Provided records -
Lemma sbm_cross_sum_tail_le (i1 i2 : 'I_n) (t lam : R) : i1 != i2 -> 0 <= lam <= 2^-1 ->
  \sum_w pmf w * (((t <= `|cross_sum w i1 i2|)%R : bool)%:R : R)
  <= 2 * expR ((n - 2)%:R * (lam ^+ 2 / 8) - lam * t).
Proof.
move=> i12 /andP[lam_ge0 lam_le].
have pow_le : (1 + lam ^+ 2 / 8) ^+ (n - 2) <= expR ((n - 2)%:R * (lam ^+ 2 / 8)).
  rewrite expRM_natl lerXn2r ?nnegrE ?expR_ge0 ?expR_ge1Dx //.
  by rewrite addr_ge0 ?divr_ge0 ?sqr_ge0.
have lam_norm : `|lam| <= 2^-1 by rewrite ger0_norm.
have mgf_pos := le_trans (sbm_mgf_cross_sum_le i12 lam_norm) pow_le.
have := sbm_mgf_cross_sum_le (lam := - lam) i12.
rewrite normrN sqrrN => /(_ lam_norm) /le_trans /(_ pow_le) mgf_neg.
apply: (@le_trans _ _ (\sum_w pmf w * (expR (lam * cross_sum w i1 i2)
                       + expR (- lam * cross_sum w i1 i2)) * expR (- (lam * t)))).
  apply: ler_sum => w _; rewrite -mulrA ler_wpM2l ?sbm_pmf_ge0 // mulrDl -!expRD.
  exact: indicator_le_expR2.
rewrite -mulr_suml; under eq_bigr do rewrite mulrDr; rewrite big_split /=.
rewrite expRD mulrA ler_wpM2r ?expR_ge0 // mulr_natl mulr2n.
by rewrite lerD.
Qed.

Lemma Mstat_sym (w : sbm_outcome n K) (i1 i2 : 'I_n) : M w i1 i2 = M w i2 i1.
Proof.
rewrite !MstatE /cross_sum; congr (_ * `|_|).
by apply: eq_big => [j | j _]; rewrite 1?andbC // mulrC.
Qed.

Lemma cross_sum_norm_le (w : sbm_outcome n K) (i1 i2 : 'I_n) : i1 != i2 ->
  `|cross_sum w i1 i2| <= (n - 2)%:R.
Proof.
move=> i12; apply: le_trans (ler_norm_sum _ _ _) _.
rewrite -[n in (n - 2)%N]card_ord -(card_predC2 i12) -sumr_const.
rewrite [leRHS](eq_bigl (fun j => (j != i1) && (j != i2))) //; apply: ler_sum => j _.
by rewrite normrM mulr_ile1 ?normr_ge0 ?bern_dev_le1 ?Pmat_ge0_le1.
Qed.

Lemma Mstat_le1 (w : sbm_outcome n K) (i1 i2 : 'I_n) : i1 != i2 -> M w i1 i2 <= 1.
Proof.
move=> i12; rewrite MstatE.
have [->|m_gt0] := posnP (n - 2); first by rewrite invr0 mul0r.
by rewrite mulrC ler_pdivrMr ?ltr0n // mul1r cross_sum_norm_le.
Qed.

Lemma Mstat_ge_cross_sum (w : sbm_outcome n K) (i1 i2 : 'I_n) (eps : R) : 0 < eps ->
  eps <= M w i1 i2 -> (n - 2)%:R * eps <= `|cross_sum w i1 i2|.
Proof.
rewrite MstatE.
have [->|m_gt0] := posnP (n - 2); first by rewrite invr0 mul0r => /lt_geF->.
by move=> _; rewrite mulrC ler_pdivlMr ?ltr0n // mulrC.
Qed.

Problem statement - Could you copy every line from the records that mentions the word "Lemma"?

Problem solution -
Lemma sbm_cross_sum_tail_le (i1 i2 : 'I_n) (t lam : R) : i1 != i2 -> 0 <= lam <= 2^-1 ->
Lemma Mstat_sym (w : sbm_outcome n K) (i1 i2 : 'I_n) : M w i1 i2 = M w i2 i1.
Lemma cross_sum_norm_le (w : sbm_outcome n K) (i1 i2 : 'I_n) : i1 != i2 ->
Lemma Mstat_le1 (w : sbm_outcome n K) (i1 i2 : 'I_n) : i1 != i2 -> M w i1 i2 <= 1.
Lemma Mstat_ge_cross_sum (w : sbm_outcome n K) (i1 i2 : 'I_n) (eps : R) : 0 < eps ->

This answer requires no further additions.